## About this task:
In the material below, find the line with "let d := span_dim" and the line with "apply: le_trans (iid_expect_X_orbit_expn_le", then output those two lines and every line between them, exactly.

★ ★ ★ ★ ★

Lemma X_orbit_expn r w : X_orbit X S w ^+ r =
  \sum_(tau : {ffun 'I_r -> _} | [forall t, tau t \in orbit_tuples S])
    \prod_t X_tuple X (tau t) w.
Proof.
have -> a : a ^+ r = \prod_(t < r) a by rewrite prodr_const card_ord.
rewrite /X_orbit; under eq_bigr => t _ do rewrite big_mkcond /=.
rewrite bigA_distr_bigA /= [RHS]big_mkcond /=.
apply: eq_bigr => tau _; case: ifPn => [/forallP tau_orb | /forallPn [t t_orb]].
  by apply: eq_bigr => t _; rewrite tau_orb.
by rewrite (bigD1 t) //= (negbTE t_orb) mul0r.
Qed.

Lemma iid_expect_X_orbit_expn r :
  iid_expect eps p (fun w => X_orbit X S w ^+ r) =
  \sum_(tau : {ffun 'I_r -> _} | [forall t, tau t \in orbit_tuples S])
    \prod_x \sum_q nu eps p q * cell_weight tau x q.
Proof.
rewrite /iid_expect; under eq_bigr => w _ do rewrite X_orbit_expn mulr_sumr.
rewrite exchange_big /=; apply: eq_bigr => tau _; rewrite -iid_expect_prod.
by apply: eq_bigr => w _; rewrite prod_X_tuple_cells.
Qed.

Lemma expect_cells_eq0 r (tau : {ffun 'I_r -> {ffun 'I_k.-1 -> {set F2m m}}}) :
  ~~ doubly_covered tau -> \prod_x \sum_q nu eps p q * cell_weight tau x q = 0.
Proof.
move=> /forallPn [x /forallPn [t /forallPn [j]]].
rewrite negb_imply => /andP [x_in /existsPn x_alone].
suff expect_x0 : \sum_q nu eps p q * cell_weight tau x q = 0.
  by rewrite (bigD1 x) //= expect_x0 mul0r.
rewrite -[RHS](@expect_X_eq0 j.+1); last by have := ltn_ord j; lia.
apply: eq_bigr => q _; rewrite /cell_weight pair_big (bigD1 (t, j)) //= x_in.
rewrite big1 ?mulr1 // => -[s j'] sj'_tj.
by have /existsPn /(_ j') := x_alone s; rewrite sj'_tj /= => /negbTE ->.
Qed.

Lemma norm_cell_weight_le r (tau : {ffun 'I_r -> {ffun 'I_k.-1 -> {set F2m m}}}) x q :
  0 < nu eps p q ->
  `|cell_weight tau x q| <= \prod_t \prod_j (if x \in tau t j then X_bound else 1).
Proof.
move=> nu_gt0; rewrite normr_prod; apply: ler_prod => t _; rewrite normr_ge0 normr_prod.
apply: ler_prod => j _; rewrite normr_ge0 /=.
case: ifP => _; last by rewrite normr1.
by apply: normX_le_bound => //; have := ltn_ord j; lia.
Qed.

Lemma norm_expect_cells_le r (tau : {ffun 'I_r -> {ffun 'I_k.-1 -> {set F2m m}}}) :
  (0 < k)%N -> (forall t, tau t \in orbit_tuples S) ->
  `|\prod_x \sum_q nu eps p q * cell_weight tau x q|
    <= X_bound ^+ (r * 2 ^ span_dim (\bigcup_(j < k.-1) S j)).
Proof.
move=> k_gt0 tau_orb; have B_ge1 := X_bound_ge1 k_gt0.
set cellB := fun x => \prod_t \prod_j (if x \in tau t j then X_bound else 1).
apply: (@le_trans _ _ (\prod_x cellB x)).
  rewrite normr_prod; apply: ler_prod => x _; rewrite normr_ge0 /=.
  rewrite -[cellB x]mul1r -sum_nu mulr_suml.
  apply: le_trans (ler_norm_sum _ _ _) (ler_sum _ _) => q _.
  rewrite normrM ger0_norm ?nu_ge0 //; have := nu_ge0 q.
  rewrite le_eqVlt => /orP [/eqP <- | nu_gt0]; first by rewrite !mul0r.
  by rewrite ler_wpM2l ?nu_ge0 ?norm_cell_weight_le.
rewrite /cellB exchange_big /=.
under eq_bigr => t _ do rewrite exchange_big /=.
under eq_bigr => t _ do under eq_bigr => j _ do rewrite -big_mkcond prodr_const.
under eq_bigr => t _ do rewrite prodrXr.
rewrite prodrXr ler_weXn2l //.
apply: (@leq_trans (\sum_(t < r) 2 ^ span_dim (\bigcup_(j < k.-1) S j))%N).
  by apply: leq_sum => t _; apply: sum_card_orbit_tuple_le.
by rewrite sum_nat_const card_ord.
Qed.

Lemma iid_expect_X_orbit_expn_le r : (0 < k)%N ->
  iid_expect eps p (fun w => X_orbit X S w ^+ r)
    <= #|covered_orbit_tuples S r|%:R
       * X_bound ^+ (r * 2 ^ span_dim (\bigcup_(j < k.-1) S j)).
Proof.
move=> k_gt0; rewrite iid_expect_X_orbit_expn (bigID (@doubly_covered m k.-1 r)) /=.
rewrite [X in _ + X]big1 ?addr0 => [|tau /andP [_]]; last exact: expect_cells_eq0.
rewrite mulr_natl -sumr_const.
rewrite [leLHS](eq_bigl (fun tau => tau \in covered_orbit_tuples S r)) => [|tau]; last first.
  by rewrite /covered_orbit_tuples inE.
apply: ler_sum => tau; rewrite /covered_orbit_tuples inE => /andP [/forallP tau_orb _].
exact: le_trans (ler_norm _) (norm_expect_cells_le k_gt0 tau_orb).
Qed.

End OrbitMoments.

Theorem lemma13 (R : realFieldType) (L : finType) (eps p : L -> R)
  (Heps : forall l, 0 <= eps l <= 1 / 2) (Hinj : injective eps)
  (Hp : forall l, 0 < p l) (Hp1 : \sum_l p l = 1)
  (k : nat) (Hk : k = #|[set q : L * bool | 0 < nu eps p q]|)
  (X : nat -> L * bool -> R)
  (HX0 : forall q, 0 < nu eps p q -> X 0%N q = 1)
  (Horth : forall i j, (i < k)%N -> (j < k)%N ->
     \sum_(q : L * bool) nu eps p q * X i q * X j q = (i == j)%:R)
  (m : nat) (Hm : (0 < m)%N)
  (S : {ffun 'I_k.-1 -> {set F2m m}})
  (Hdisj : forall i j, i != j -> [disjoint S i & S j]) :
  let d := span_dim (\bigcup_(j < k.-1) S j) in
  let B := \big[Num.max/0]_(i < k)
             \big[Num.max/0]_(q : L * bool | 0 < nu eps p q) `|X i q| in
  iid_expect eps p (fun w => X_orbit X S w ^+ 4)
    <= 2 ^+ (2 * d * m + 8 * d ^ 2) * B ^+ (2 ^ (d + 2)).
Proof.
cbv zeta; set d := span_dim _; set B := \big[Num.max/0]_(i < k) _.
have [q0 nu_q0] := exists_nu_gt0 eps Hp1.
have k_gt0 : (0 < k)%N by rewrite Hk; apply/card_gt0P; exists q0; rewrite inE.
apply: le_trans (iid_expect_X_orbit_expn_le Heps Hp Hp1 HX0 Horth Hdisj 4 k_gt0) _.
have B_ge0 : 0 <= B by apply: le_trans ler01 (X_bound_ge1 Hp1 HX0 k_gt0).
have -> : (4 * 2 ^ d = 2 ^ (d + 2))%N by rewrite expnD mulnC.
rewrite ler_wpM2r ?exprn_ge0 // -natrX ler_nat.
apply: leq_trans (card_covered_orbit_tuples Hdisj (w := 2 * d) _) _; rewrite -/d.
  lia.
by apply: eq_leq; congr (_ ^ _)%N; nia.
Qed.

★ ★ ★ ★ ★

## Answer for the task:
  let d := span_dim (\bigcup_(j < k.-1) S j) in
  let B := \big[Num.max/0]_(i < k)
             \big[Num.max/0]_(q : L * bool | 0 < nu eps p q) `|X i q| in
  iid_expect eps p (fun w => X_orbit X S w ^+ 4)
    <= 2 ^+ (2 * d * m + 8 * d ^ 2) * B ^+ (2 ^ (d + 2)).
Proof.
cbv zeta; set d := span_dim _; set B := \big[Num.max/0]_(i < k) _.
have [q0 nu_q0] := exists_nu_gt0 eps Hp1.
have k_gt0 : (0 < k)%N by rewrite Hk; apply/card_gt0P; exists q0; rewrite inE.
apply: le_trans (iid_expect_X_orbit_expn_le Heps Hp Hp1 HX0 Horth Hdisj 4 k_gt0) _.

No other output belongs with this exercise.